Saved entries
- Opening Delimiter -

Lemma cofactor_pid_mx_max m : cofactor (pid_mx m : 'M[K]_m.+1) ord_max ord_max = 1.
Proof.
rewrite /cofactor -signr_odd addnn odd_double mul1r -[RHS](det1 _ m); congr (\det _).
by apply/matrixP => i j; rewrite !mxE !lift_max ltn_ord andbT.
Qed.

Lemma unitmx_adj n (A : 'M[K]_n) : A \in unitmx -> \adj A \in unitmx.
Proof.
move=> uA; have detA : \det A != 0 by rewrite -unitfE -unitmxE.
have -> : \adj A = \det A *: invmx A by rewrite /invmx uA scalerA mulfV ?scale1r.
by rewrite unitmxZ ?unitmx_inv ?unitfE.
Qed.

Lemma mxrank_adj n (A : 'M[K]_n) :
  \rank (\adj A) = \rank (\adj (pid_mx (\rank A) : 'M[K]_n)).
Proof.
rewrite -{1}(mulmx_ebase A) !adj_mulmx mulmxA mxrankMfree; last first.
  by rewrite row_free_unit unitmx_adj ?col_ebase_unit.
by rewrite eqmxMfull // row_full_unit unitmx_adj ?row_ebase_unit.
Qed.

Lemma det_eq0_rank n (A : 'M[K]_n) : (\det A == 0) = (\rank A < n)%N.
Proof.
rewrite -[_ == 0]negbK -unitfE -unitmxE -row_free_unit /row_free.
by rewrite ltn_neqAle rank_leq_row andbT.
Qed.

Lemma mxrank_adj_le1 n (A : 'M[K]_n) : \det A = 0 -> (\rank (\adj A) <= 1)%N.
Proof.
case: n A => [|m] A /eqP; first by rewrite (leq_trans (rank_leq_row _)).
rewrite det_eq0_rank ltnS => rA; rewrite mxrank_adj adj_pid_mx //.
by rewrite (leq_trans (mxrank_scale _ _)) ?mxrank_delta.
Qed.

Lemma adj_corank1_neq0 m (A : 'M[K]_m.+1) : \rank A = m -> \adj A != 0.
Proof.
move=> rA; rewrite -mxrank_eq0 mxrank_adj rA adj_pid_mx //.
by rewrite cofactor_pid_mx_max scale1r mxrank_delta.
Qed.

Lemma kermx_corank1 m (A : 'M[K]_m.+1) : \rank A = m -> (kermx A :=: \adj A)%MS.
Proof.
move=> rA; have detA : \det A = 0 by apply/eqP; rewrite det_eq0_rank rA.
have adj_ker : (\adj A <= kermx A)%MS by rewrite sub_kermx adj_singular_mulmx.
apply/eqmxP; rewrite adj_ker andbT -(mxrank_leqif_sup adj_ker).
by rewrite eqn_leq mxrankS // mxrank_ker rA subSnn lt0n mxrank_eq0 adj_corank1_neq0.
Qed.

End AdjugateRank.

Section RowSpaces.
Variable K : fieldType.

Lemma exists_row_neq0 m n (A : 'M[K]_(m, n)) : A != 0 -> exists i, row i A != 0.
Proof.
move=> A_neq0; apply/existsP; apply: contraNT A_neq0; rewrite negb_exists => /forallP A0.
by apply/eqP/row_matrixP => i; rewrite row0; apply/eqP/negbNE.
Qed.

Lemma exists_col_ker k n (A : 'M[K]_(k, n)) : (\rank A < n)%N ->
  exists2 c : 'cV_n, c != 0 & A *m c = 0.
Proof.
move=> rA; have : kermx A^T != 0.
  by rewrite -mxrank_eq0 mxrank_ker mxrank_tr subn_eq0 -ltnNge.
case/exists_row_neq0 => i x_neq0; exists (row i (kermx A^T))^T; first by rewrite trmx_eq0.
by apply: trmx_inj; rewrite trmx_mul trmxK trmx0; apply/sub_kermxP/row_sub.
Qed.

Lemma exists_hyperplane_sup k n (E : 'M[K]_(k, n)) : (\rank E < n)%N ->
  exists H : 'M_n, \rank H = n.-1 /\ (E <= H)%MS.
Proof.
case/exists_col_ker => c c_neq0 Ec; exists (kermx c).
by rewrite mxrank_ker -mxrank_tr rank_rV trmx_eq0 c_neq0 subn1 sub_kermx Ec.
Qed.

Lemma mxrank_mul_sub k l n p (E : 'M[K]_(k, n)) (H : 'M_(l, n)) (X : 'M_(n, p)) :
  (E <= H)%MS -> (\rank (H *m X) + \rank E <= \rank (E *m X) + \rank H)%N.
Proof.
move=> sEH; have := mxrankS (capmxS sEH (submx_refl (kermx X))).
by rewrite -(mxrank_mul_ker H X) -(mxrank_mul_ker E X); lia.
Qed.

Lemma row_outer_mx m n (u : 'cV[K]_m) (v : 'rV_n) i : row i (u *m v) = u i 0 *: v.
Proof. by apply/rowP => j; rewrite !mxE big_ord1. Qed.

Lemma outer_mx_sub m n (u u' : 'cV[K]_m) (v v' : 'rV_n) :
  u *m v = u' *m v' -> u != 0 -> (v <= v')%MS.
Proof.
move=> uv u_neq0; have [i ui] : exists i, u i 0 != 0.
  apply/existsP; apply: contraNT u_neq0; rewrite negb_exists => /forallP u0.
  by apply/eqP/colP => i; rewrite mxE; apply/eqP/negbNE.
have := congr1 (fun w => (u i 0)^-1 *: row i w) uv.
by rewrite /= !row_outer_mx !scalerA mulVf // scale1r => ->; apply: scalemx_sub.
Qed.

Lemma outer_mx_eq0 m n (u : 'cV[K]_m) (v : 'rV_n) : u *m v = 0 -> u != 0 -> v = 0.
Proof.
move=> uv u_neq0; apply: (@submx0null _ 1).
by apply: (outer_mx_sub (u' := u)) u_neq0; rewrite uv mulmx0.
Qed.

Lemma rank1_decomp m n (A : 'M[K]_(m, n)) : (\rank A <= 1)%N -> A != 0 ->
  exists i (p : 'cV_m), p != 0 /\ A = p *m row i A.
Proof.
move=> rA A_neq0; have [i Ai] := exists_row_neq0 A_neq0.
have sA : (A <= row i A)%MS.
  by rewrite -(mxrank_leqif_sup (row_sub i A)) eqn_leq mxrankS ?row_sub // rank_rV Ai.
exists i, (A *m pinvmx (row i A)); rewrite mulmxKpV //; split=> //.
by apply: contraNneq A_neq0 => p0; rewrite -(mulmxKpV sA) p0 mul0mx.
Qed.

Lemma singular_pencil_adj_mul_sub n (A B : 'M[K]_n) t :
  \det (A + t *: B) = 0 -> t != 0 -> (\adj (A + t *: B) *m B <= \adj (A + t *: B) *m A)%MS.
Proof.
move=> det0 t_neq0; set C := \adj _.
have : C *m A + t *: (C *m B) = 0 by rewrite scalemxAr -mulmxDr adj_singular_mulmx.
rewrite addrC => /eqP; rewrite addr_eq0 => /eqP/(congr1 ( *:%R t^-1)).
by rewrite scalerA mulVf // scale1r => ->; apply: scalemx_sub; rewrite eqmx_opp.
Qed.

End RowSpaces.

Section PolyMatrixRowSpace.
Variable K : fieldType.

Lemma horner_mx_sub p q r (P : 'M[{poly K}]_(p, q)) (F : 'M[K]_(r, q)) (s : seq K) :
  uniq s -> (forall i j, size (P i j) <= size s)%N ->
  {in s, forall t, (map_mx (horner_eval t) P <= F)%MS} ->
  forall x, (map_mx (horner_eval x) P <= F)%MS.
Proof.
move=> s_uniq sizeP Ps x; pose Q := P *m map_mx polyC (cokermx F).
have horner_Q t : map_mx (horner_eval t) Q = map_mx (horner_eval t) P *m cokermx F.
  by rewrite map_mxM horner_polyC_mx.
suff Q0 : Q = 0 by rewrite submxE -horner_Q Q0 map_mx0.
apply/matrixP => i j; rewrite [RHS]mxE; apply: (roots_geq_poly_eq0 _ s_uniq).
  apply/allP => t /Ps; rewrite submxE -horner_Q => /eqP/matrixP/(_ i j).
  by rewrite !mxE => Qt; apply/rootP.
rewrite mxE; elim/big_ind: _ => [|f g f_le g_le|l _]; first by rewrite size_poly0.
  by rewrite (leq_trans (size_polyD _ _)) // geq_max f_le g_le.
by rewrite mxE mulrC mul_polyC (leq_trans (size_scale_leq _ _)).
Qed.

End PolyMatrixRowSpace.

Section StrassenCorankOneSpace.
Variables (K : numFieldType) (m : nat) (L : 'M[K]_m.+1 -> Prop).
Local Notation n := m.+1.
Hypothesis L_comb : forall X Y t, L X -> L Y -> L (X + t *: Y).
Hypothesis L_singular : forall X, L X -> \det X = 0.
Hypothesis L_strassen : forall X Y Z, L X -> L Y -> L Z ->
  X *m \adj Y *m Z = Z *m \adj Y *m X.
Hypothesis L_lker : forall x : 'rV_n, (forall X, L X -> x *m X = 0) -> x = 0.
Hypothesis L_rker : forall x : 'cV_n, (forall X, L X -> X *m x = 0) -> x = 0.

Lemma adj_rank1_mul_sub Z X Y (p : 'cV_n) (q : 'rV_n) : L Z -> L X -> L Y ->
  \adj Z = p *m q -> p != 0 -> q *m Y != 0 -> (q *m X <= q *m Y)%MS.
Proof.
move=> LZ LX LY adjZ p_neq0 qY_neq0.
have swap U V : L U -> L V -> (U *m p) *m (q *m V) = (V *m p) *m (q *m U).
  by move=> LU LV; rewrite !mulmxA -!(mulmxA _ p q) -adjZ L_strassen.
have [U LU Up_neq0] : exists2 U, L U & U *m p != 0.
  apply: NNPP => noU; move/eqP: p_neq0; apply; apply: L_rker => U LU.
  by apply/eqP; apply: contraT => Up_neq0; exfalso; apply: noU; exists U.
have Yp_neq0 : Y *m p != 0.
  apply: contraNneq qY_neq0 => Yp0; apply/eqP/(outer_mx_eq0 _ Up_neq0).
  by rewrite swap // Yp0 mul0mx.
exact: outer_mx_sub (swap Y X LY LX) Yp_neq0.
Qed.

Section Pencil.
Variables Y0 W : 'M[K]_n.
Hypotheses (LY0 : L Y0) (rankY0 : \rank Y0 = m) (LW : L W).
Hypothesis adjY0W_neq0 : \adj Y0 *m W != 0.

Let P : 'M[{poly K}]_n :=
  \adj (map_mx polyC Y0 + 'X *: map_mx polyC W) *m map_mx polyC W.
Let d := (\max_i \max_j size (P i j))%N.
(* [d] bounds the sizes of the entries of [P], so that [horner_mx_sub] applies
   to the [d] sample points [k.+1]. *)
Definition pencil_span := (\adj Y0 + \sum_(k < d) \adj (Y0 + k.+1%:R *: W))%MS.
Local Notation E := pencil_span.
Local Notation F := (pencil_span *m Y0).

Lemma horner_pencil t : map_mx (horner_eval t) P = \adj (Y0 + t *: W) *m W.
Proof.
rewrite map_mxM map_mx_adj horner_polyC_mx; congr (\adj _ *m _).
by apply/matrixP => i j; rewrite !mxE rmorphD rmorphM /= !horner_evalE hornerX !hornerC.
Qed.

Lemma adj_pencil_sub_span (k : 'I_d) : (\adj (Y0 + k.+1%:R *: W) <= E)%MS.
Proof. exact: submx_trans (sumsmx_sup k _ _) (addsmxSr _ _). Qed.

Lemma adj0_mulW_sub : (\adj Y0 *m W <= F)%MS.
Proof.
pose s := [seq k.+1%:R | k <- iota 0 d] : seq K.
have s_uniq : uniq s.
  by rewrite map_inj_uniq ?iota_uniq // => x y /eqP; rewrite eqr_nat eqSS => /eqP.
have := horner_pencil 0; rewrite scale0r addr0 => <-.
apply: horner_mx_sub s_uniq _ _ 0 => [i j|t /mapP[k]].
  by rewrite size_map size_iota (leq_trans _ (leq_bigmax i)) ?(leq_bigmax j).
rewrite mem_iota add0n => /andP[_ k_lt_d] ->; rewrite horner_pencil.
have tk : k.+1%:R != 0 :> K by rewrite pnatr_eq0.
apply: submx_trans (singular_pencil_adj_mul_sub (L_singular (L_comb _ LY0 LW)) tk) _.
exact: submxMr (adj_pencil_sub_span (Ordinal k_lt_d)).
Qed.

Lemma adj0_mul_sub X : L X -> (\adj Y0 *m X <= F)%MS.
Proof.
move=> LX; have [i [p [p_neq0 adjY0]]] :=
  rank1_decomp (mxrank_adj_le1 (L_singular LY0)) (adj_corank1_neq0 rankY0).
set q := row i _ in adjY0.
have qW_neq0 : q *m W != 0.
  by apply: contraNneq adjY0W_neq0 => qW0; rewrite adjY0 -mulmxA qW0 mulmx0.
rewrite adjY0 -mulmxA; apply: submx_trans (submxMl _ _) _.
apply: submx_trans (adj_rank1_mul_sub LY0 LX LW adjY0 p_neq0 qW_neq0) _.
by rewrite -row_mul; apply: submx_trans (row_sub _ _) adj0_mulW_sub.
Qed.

- Closing Delimiter -
- Opening Delimiter -

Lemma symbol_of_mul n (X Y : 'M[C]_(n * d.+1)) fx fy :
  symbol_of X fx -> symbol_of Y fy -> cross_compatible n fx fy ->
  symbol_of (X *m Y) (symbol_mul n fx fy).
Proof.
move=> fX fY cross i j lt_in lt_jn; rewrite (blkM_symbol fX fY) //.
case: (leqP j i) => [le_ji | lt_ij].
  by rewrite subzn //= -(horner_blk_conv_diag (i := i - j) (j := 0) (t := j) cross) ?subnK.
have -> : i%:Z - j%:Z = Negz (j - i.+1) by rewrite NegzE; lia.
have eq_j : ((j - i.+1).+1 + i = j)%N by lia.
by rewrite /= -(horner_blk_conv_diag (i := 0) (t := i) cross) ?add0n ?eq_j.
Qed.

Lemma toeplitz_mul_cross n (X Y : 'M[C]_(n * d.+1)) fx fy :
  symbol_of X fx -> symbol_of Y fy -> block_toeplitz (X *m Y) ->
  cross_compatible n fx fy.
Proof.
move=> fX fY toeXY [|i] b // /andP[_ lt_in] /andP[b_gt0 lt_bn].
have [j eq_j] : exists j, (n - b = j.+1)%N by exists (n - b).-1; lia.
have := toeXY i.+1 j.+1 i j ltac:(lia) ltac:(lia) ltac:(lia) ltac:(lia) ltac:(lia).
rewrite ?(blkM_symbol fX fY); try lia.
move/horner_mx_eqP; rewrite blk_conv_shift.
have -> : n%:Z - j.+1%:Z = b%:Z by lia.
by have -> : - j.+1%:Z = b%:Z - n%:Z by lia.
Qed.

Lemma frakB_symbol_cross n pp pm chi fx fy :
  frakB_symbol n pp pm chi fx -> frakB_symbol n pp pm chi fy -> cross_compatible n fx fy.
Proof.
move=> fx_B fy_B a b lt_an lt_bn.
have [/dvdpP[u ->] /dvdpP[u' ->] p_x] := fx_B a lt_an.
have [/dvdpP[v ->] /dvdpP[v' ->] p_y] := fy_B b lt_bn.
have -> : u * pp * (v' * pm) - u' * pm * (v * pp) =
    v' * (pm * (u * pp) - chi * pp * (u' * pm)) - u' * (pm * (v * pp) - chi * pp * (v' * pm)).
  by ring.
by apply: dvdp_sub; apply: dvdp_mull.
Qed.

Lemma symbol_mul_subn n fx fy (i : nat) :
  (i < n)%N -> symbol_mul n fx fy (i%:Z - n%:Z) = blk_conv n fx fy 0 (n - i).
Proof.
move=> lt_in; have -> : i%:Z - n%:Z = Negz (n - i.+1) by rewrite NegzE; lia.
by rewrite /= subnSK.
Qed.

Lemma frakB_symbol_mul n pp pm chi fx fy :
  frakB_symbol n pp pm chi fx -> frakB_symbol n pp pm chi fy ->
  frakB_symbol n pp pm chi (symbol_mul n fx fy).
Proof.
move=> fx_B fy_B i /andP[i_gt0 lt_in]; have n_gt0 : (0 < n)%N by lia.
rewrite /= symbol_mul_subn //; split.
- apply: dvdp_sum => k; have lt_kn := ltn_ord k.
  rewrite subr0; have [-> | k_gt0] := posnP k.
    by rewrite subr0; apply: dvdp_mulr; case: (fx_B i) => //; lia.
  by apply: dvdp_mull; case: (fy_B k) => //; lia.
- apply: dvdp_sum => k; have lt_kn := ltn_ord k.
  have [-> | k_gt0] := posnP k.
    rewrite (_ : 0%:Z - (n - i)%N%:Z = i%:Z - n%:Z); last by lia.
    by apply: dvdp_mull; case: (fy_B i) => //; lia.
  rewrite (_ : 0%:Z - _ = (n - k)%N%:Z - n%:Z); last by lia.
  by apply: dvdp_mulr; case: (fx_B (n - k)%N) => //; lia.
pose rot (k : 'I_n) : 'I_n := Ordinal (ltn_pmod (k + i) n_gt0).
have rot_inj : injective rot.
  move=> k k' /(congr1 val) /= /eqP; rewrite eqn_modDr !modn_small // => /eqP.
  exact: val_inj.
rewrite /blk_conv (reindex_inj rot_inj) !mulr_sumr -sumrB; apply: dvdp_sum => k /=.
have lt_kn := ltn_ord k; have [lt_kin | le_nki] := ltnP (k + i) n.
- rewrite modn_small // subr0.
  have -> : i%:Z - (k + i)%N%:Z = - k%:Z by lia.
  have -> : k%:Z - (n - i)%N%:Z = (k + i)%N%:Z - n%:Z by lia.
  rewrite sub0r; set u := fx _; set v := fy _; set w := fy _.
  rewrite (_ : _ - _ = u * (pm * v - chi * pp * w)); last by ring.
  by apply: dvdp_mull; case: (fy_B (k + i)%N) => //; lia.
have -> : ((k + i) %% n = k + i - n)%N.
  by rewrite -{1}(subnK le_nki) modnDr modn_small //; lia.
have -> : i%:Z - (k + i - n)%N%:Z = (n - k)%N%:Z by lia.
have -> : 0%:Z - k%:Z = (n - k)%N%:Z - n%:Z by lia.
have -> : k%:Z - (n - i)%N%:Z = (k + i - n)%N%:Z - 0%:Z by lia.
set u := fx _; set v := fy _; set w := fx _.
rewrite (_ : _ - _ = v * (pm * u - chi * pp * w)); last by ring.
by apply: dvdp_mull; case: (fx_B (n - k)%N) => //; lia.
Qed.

- Closing Delimiter -

■ DESCRIPTION OF THE TASK ■
Using the entries above, return exactly the lines from the line with "move=> A_neq0; apply/existsP;" to the line with "case/exists_row_neq0 => i", counting both of those lines.

■ YOUR SOLUTION ■
move=> A_neq0; apply/existsP; apply: contraNT A_neq0; rewrite negb_exists => /forallP A0.
by apply/eqP/row_matrixP => i; rewrite row0; apply/eqP/negbNE.
Qed.

Lemma exists_col_ker k n (A : 'M[K]_(k, n)) : (\rank A < n)%N ->
  exists2 c : 'cV_n, c != 0 & A *m c = 0.
Proof.
move=> rA; have : kermx A^T != 0.
  by rewrite -mxrank_eq0 mxrank_ker mxrank_tr subn_eq0 -ltnNge.
case/exists_row_neq0 => i x_neq0; exists (row i (kermx A^T))^T; first by rewrite trmx_eq0.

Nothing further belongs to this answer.